I am trying to use UDF's and return ListBuffer as a column from UDF, i am getting error.

I have created Df by executing below code:

val df = Seq((1,"dept3@@rama@@kumar","dept3##rama#@kumar"), (2,"dept31@@rama1##kumar1","dept33##rama3#@kumar3")).toDF("id","str1","str2")
df.show()

it show like below:

+---+--------------------+--------------------+
| id|                str1|                str2|
+---+--------------------+--------------------+
|  1|  dept3@@rama@@kumar|  dept3##rama#@kumar|
|  2|dept31@@rama1##ku...|dept33##rama3#@ku...|
+---+--------------------+--------------------+

as per my requirement i have to use i have to split the above columns based some inputs so i have tried UDF like below :

    def appendDelimiterError=udf((id: Int, str1: String, str2: String)=> {
            var lit = new ListBuffer[Any]()
            if(str1.contains("@@"){val a=str1.split("@@")}
            else if(str1.contains("##"){val a=str1.split("##")}
            else if(str1.contains("#&"){val a=str1.split("#&")}
            if(str2.contains("@@"){ val b=str2.split("@@")}
            else if(str2.contains("##"){ val b=str2.split("##") }
            else if(str1.contains("#@"){val b=str2.split("#@")}
            var tmp_row = List(a,"test1",b)
            lit +=tmp_row 
return lit 
})

val

i try to cal by executing below code:

val df1=df.appendDelimiterError("newcol",appendDelimiterError(df("id"),df("str1"),df("str2"))

i getting error "this was a bad call" .i want use ListBuffer/list to store and return to calling place.

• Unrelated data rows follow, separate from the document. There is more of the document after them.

(* Let a regular network on $n$ cells with adjacency matrix $A$ be given. A subspace $S\subseteq\mathbb{C}^n$ is a synchrony subspace if and only if $S$ is a polydiagonal and $S=J_1\oplus\cdots\oplus J_m$ for some special Jordan subspaces $J_1,\dots,J_m$ to the network.
   Context: A regular network is a finite directed graph on cells $1,\dots,n$ (loops and multiple arrows allowed) in which every cell receives the same number $v$ of arrows (the valency). Its adjacency matrix $A=[a_{ij}]$ has $a_{ij}$ equal to the number of arrows cell $i$ receives from cell $j$; every row sum is $v$. $A$ acts on the total phase space $\mathbb{C}^n$ (each cell phase space taken to be $\mathbb{C}$). A polydiagonal is a subspace of $\mathbb{C}^n$ of the form $\{x : x_i=x_j \text{ for all } (i,j)\in R\}$ for some (possibly empty) set $R$ of index pairs. A synchrony subspace is a polydiagonal that is invariant under $A$ (by a theorem of Golubitsky, Stewart and Török this is equivalent to being flow-invariant for all admissible vector fields of the network). $F=\{x_1=\cdots=x_n\}$ is the fully synchrony subspace. $P(W)$ is the smallest polydiagonal containing a subspace $W$. For an eigenvalue $\lambda$ of $A$, the generalized eigenspace is $G_\lambda=\operatorname{Ker}(A-\lambda I)^p$ for $p$ large. A Jordan chain of length $k$ for $\lambda$ is a sequence of nonzero vectors $x_1,\dots,x_k$ with $(A-\lambda I)x_1=0$ and $(A-\lambda I)x_i=x_{i-1}$ for $2\le i\le k$; a Jordan subspace is the span of a Jordan chain. A Jordan subspace $W$ of a generalized eigenspace $G$ is a special Jordan subspace to the network if for every Jordan subspace $U$ of $G$ with $\dim U=\dim W$ and $P(U)\subseteq P(W)$, either $P(U)=P(W)$ or $U=F$. *)

(* Subspaces of R^n are row spaces of n x n matrices
   (mxalgebra, %MS).  Vectors of the phase space are row vectors 'rV_n; the
   linear map x |-> A x on column vectors is x |-> x *m A^T on row vectors. *)
From HB Require Import structures.
From mathcomp Require Import all_boot all_order all_algebra.
Set Implicit Arguments. Unset Strict Implicit. Unset Printing Implicit Defensive.
Import Order.TTheory GRing.Theory Num.Theory.
Local Open Scope ring_scope.

Section Network.
Variables (R : numClosedFieldType) (n : nat).

Definition regular_network (A : 'M[nat]_n) (v : nat) : Prop :=
  forall i : 'I_n, (\sum_(j < n) A i j)%N = v.

Definition adjR (A : 'M[nat]_n) : 'M[R]_n := (map_mx (fun a : nat => a%:R) A)^T.

(* column vector e_i - e_j ;  x *m diag_pair i j = x_i - x_j *)
Definition diag_pair (i j : 'I_n) : 'M[R]_(n, 1) :=
  \col_k ((k == i)%:R - (k == j)%:R).

Definition polydiag (r : {set 'I_n * 'I_n}) : 'M[R]_n :=
  (\bigcap_(p in r) kermx (diag_pair p.1 p.2))%MS.

Definition is_polydiagonal (S : 'M[R]_n) : Prop :=
  exists r : {set 'I_n * 'I_n}, (S == polydiag r)%MS.

Definition Fsync : 'M[R]_n := polydiag setT.

Definition Pclos (W : 'M[R]_n) : 'M[R]_n :=
  (\bigcap_(r : {set 'I_n * 'I_n} | (W <= polydiag r)%MS) polydiag r)%MS.

Definition is_synchrony (A : 'M[nat]_n) (S : 'M[R]_n) : Prop :=
  is_polydiagonal S /\ (S *m adjR A <= S)%MS.

(* Jordan chain x_1, ..., x_k (here indexed x 0, ..., x (k-1)) for lam *)
Definition jordan_chain (A : 'M[nat]_n) (lam : R) (k : nat)
    (x : nat -> 'rV[R]_n) : Prop :=
  [/\ (forall i, (i < k)%N -> x i != 0),
      x 0%N *m (adjR A - lam%:M) = 0 &
      (forall i, (i.+1 < k)%N -> x i.+1 *m (adjR A - lam%:M) = x i)].

Definition is_jordan_subspace (A : 'M[nat]_n) (lam : R) (W : 'M[R]_n) : Prop :=
  exists k (x : nat -> 'rV[R]_n),
    [/\ (0 < k)%N, jordan_chain A lam k x &
        (W == \matrix_(i < k) x (i : nat))%MS].

Definition is_special (A : 'M[nat]_n) (W : 'M[R]_n) : Prop :=
  exists lam : R, is_jordan_subspace A lam W /\
    forall U : 'M[R]_n, is_jordan_subspace A lam U ->
      \rank U = \rank W -> (Pclos U <= Pclos W)%MS ->
      (Pclos U == Pclos W)%MS \/ (U == Fsync)%MS.

End Network.

From HB Require Import structures.
From mathcomp Require Import all_boot all_order all_algebra.
From Stdlib Require Import Classical ClassicalEpsilon.
From mathcomp Require Import zify ring.
Set Implicit Arguments. Unset Strict Implicit. Unset Printing Implicit Defensive.
Import Order.TTheory GRing.Theory Num.Theory.

(* Backward direction: a special Jordan subspace is A-invariant, hence so is
   any sum of them; a polydiagonal that is such a sum is a synchrony subspace.

   Forward direction: let S be an A-invariant polydiagonal.
   - S is the direct sum of its intersections S :&: G_lam with the
     generalized eigenspaces of A (Bezout; stable_primary_decomposition).
   - Inside S :&: G_lam, filtered by the layers L_k = S :&: Ker (A - lam)^k,
     every vector of L_k is spanned modulo L_(k-1) by generators of special
     Jordan chains of length k lying in S (span_special_tops).  A non-special
     chain is split into two chains synchronizing strictly more pairs of
     cells; the Perron property of regular networks (a constant vector is
     never the top of a chain of length >= 2) drives this step.
   - Selecting these generators greedily layer by layer and counting
     dimensions with the convexity of k |-> dim L_k yields a family of
     special Jordan subspaces spanning S :&: G_lam of total dimension at most
     dim (S :&: G_lam) (eigen_special_cover).  Gathering all eigenvalues
     gives such a family for S itself, which is then a direct sum. *)

(* Weighted layer count: if a nat sequence d with d 0 = 0 is concave up to
   the corrections a k, i.e. a k + d (k-1) + d (k+1) <= 2 d k below P and
   a P + d (P-1) <= d P at the top, then sum_(k = 1..P) k * a k <= d P.
   Applied to d k = dim of the k-th layer of a generalized eigenspace and
   a k = number of Jordan chains of length k, it bounds their total size. *)
Lemma weighted_layer_count (a d : nat -> nat) (P : nat) : 0 < P -> d 0 = 0 ->
  (forall k, 0 < k < P -> a k + d k.-1 + d k.+1 <= 2 * d k) ->
  a P + d P.-1 <= d P ->
  \sum_(1 <= k < P.+1) k * a k <= d P.
Proof.
move=> P_gt0 d0 a_mid a_top.
have partial j : j < P ->
    \sum_(1 <= k < j.+1) k * a k + j * d j.+1 <= j.+1 * d j.
  elim: j => [|j IHj] jP; first by rewrite big_geq // d0.
  rewrite big_nat_recr //=.
  have := IHj (ltnW jP); have := a_mid j.+1; rewrite ltn0Sn jP => /(_ isT) /=.
  set s := \sum_(1 <= k < j.+1) k * a k; nia.
rewrite -(prednK P_gt0) big_nat_recr //= prednK //.
have := partial P.-1; rewrite ltn_predL prednK // => /(_ P_gt0).
set s := \sum_(1 <= k < P) k * a k; move: a_top; nia.
Qed.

my expected output will be:

+---+--------------------+------------------------+----------------------------------------------------------------------+ 
| id|                str1|                str2    |                               newcol                                 |
+---+--------------------+------------------------+----------------------------------------------------------------------+
|  1|  dept3@@rama@@kumar|  dept3##rama#@kumar    |ListBuffer(List("dept","rama","kumar"),List("dept3","rama","kumar"))  |
|  2|dept31@@rama1##kumar1|dept33##rama3#@kumar3  | ListBuffer(List("dept31","rama1","kumar1"),List("dept33","rama3","kumar3")) |                                          
+---+--------------------+------------------------+----------------------------------------------------------------------+

How to achieve this?

1
I think my way is easier and more flexible on splitting.thebluephantom
Why would you need ListBuffer? Because I think you are trying to build the return value. No need.thebluephantom
hi @ thebluephantom thanks for quick reply.i have to use udf i have some other logic before splitting,but as you provided answer without UDf .please help me try to use UDF and and LisfBuffer or a string like "111, cat, 666,@SAPRATE,222, fritz, 777"Sai
No need to. No idea why Listbuffer needed. The logic was incorrect. My contribution ends here, functional programming.thebluephantom
I note no other answer. Did you resolve?thebluephantom

1 Answers

0
votes

An alternative with my own fictional data to which you can tailor and no UDF:

import org.apache.spark.sql.functions.{col, udf}  
import org.apache.spark.sql.expressions._
import org.apache.spark.sql.functions._

val df = Seq(
  (1, "111@#cat@@666", "222@@fritz@@777"),
  (2, "AAA@@cat@@555", "BBB@@felix@@888"),
  (3, "HHH@@mouse@@yyy", "123##mickey#@ZZZ") 
 ).toDF("c0", "c1", "c2")

 val df2 = df.withColumn( "c_split", split(col("c1"), ("(@#)|(@@)|(##)|(#@)")  ))
          .union(df.withColumn("c_split", split(col("c2"), ("(@#)|(@@)|(##)|(#@)")  )) )
 df2.show(false)
 df2.printSchema()


 val df3 = df2.groupBy(col("c0")).agg(collect_list(col("c_split")).as("List_of_Data") )   
 df3.show(false)
 df3.printSchema()

Gives answer but no ListBuffer - really necessary?, as follows:

+---+---------------+----------------+------------------+
|c0 |c1             |c2              |c_split           |
+---+---------------+----------------+------------------+
|1  |111@#cat@@666  |222@@fritz@@777 |[111, cat, 666]   |
|2  |AAA@@cat@@555  |BBB@@felix@@888 |[AAA, cat, 555]   |
|3  |HHH@@mouse@@yyy|123##mickey#@ZZZ|[HHH, mouse, yyy] |
|1  |111@#cat@@666  |222@@fritz@@777 |[222, fritz, 777] |
|2  |AAA@@cat@@555  |BBB@@felix@@888 |[BBB, felix, 888] |
|3  |HHH@@mouse@@yyy|123##mickey#@ZZZ|[123, mickey, ZZZ]|
+---+---------------+----------------+------------------+

root
 |-- c0: integer (nullable = false)
 |-- c1: string (nullable = true)
 |-- c2: string (nullable = true)
 |-- c_split: array (nullable = true)
 |    |-- element: string (containsNull = true)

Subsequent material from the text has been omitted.